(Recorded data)

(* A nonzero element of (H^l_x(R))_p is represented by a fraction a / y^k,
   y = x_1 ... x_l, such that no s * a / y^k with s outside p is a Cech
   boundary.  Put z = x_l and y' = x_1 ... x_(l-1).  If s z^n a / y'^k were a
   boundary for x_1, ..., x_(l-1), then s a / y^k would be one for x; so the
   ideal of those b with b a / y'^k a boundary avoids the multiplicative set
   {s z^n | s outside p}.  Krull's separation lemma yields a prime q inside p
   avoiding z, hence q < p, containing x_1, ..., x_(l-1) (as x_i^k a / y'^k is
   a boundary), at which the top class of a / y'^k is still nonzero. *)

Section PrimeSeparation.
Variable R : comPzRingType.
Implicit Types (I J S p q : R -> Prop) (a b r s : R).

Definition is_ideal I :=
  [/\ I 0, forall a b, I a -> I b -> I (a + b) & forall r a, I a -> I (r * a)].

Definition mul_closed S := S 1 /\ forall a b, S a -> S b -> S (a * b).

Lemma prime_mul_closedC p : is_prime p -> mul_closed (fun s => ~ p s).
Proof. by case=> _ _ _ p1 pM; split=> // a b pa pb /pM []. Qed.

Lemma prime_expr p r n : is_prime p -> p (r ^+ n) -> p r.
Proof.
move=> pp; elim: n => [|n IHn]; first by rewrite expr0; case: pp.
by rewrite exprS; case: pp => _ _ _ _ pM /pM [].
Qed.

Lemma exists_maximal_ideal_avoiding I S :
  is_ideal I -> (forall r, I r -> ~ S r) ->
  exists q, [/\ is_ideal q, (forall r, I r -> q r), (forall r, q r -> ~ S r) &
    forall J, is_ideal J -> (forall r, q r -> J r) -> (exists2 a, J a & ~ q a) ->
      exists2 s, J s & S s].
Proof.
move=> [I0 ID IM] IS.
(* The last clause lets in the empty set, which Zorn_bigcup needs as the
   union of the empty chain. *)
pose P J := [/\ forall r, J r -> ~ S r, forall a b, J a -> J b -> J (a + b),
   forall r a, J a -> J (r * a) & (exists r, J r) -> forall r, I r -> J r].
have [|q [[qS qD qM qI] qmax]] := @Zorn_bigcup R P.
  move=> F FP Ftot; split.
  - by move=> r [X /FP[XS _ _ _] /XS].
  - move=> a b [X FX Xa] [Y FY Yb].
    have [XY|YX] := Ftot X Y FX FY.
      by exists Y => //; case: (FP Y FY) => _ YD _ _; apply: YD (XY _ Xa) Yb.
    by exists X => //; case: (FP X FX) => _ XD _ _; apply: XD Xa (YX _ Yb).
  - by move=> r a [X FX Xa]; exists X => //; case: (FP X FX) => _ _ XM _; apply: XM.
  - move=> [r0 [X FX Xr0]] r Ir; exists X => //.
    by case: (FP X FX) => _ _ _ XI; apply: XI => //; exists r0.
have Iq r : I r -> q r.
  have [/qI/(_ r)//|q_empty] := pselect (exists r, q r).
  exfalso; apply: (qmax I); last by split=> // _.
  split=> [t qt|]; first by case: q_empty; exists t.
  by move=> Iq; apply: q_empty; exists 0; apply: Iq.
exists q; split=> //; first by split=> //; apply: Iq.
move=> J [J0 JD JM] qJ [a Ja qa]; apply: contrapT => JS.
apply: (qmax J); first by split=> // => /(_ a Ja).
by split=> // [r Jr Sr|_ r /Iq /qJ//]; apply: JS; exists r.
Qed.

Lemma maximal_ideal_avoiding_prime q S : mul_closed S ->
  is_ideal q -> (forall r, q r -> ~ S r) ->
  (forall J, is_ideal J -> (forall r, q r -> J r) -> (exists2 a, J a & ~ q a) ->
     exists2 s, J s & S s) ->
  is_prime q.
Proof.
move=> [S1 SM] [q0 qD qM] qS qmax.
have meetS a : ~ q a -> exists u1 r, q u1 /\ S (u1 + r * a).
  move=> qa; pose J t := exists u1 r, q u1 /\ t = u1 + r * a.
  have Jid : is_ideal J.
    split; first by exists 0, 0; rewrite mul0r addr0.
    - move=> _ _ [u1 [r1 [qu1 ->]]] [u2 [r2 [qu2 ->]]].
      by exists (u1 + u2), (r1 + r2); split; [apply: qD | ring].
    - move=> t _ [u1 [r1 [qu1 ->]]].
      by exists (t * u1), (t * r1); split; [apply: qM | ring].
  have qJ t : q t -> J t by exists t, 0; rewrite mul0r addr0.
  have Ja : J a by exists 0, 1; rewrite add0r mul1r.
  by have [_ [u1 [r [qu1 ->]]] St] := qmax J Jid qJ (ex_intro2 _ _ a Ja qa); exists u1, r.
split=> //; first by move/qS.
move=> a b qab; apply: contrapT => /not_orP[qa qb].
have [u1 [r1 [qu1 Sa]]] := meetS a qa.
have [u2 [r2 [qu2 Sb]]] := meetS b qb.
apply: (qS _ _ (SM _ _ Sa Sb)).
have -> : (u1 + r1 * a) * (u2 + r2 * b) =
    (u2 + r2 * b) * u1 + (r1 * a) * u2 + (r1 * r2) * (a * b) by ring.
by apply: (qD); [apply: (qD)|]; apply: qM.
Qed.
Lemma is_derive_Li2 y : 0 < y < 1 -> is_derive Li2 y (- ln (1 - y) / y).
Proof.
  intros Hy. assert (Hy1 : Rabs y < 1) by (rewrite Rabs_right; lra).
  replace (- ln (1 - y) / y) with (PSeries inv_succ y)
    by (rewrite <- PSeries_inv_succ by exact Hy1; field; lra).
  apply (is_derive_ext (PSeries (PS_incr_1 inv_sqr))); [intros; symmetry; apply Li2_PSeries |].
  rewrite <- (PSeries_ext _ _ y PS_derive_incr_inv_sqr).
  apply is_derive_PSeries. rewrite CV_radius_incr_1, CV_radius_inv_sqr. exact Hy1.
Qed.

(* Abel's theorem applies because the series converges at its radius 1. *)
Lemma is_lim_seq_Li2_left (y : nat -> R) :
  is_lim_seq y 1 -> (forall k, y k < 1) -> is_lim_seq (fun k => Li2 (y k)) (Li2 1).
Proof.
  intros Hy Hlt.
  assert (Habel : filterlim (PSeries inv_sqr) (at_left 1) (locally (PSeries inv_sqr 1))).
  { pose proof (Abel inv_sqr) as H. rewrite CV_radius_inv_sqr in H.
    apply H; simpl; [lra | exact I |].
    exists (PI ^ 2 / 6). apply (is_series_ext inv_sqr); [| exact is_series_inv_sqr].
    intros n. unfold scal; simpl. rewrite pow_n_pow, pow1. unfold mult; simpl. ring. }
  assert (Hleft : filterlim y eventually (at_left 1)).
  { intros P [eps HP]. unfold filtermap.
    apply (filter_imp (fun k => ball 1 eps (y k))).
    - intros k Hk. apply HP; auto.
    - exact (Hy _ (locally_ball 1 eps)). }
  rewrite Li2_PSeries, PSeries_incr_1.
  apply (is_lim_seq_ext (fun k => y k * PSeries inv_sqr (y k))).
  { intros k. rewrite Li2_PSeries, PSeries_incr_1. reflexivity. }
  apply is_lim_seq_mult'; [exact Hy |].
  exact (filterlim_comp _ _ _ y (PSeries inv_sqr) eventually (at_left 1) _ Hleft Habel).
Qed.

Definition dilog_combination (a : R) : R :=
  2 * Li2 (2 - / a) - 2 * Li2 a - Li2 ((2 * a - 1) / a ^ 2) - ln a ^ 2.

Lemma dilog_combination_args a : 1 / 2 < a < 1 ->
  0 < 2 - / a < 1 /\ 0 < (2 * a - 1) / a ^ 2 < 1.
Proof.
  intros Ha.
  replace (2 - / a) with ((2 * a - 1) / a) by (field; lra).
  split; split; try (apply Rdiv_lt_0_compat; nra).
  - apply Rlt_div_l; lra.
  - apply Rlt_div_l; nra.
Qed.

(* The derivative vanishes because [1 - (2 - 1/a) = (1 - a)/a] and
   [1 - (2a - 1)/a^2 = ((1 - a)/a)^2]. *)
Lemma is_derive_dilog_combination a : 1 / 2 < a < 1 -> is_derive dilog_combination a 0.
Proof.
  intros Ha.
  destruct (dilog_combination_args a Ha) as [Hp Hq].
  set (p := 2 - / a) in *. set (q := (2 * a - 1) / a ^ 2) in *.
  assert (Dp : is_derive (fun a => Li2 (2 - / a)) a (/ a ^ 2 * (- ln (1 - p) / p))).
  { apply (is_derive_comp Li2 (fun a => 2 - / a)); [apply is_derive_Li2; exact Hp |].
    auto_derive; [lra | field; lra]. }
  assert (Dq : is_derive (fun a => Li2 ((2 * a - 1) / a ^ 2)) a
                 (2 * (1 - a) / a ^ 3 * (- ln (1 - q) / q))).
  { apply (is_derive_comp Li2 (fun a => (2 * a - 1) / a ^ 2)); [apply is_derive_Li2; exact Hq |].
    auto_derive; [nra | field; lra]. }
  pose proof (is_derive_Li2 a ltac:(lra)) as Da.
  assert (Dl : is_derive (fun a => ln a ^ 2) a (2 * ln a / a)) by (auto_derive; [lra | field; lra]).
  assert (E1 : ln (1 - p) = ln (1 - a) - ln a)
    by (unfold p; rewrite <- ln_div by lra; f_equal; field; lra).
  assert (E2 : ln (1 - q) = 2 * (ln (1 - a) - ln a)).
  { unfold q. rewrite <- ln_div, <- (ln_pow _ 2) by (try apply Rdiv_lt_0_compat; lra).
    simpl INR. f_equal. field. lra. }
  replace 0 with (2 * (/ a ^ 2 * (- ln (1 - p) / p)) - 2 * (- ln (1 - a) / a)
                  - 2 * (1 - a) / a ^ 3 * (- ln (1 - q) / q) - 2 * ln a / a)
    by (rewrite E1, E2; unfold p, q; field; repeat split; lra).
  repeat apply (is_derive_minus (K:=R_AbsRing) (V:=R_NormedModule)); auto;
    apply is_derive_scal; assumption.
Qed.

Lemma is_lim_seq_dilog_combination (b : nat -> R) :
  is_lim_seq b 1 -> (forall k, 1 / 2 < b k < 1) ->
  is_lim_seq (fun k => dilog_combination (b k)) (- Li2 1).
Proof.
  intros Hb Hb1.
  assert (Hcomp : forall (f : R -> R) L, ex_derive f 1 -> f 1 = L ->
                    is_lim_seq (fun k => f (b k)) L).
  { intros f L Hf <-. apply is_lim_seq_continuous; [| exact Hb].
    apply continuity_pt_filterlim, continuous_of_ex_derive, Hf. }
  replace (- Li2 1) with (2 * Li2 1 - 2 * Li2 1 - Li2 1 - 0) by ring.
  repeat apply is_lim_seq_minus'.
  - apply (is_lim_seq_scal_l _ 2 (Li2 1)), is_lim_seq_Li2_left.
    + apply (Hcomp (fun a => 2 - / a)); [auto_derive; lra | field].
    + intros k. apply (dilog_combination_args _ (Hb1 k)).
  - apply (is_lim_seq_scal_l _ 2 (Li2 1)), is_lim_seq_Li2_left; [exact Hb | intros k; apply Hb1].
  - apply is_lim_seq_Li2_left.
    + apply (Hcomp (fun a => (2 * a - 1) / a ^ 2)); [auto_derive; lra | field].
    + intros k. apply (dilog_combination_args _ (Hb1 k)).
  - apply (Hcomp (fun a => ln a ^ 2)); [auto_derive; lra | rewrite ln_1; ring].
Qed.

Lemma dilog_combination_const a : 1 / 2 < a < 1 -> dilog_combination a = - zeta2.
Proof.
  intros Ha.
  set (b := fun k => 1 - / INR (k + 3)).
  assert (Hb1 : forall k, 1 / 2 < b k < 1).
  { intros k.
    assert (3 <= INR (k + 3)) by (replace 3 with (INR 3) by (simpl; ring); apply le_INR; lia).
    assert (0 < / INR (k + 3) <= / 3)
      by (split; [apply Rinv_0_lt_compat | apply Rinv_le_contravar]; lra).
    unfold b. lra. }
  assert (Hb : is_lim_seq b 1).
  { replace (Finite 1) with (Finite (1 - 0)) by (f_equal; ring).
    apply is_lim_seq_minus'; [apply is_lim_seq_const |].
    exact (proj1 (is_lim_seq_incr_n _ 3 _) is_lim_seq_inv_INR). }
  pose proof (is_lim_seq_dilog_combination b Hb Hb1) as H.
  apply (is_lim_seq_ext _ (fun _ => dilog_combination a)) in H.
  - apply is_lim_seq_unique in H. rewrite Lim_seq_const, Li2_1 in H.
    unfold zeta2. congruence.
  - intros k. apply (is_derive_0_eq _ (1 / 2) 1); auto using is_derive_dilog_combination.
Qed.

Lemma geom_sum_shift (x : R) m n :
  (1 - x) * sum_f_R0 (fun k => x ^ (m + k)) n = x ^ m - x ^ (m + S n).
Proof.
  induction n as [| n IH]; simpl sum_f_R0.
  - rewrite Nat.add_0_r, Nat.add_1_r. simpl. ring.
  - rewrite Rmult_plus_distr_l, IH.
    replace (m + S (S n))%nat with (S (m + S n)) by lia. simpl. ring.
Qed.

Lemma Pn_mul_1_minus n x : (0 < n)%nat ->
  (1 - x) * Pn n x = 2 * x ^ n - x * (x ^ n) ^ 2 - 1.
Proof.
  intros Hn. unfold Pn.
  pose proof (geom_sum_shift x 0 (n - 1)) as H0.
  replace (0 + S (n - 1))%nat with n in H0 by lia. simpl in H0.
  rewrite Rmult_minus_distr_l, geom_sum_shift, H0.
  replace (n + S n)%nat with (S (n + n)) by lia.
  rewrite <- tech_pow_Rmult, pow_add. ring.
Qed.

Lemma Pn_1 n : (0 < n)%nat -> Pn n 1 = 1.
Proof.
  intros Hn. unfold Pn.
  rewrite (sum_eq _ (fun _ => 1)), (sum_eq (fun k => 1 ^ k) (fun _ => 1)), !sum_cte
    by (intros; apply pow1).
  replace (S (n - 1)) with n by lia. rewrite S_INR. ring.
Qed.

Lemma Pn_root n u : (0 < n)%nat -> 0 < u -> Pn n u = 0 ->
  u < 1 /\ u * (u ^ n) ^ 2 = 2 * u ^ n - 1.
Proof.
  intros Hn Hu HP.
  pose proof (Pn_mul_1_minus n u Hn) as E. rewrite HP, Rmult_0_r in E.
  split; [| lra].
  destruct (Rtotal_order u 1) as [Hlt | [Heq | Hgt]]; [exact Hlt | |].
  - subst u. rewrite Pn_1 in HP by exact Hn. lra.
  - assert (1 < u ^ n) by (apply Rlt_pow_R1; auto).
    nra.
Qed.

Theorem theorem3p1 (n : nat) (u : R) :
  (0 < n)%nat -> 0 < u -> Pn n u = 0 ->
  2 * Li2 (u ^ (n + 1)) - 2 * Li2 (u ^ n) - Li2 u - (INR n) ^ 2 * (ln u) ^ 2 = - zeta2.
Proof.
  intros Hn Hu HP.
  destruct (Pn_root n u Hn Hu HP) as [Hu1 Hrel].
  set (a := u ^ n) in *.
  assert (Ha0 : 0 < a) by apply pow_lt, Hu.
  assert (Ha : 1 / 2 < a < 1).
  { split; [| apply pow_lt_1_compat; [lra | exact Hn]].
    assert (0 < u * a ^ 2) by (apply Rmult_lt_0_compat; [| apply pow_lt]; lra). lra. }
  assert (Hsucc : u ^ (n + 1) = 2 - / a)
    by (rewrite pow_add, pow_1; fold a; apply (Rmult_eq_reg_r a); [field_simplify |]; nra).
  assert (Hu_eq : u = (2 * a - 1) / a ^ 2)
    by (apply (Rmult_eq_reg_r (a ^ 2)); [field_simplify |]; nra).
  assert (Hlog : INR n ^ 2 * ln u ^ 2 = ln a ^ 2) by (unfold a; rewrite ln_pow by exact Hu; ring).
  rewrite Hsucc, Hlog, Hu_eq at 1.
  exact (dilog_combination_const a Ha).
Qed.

▸ YOUR OBJECTIVE
Starting at the line above that contains "move=> [I0 ID IM] IS.", repeat each line exactly up to and including the line that contains "is_prime q.", and stop there.

▸ THE COMPLETED TASK
move=> [I0 ID IM] IS.
(* The last clause lets in the empty set, which Zorn_bigcup needs as the
   union of the empty chain. *)
pose P J := [/\ forall r, J r -> ~ S r, forall a b, J a -> J b -> J (a + b),
   forall r a, J a -> J (r * a) & (exists r, J r) -> forall r, I r -> J r].
have [|q [[qS qD qM qI] qmax]] := @Zorn_bigcup R P.
  move=> F FP Ftot; split.
  - by move=> r [X /FP[XS _ _ _] /XS].
  - move=> a b [X FX Xa] [Y FY Yb].
    have [XY|YX] := Ftot X Y FX FY.
      by exists Y => //; case: (FP Y FY) => _ YD _ _; apply: YD (XY _ Xa) Yb.
    by exists X => //; case: (FP X FX) => _ XD _ _; apply: XD Xa (YX _ Yb).
  - by move=> r a [X FX Xa]; exists X => //; case: (FP X FX) => _ _ XM _; apply: XM.
  - move=> [r0 [X FX Xr0]] r Ir; exists X => //.
    by case: (FP X FX) => _ _ _ XI; apply: XI => //; exists r0.
have Iq r : I r -> q r.
  have [/qI/(_ r)//|q_empty] := pselect (exists r, q r).
  exfalso; apply: (qmax I); last by split=> // _.
  split=> [t qt|]; first by case: q_empty; exists t.
  by move=> Iq; apply: q_empty; exists 0; apply: Iq.
exists q; split=> //; first by split=> //; apply: Iq.
move=> J [J0 JD JM] qJ [a Ja qa]; apply: contrapT => JS.
apply: (qmax J); first by split=> // => /(_ a Ja).
by split=> // [r Jr Sr|_ r /Iq /qJ//]; apply: JS; exists r.
Qed.

Lemma maximal_ideal_avoiding_prime q S : mul_closed S ->
  is_ideal q -> (forall r, q r -> ~ S r) ->
  (forall J, is_ideal J -> (forall r, q r -> J r) -> (exists2 a, J a & ~ q a) ->
     exists2 s, J s & S s) ->
  is_prime q.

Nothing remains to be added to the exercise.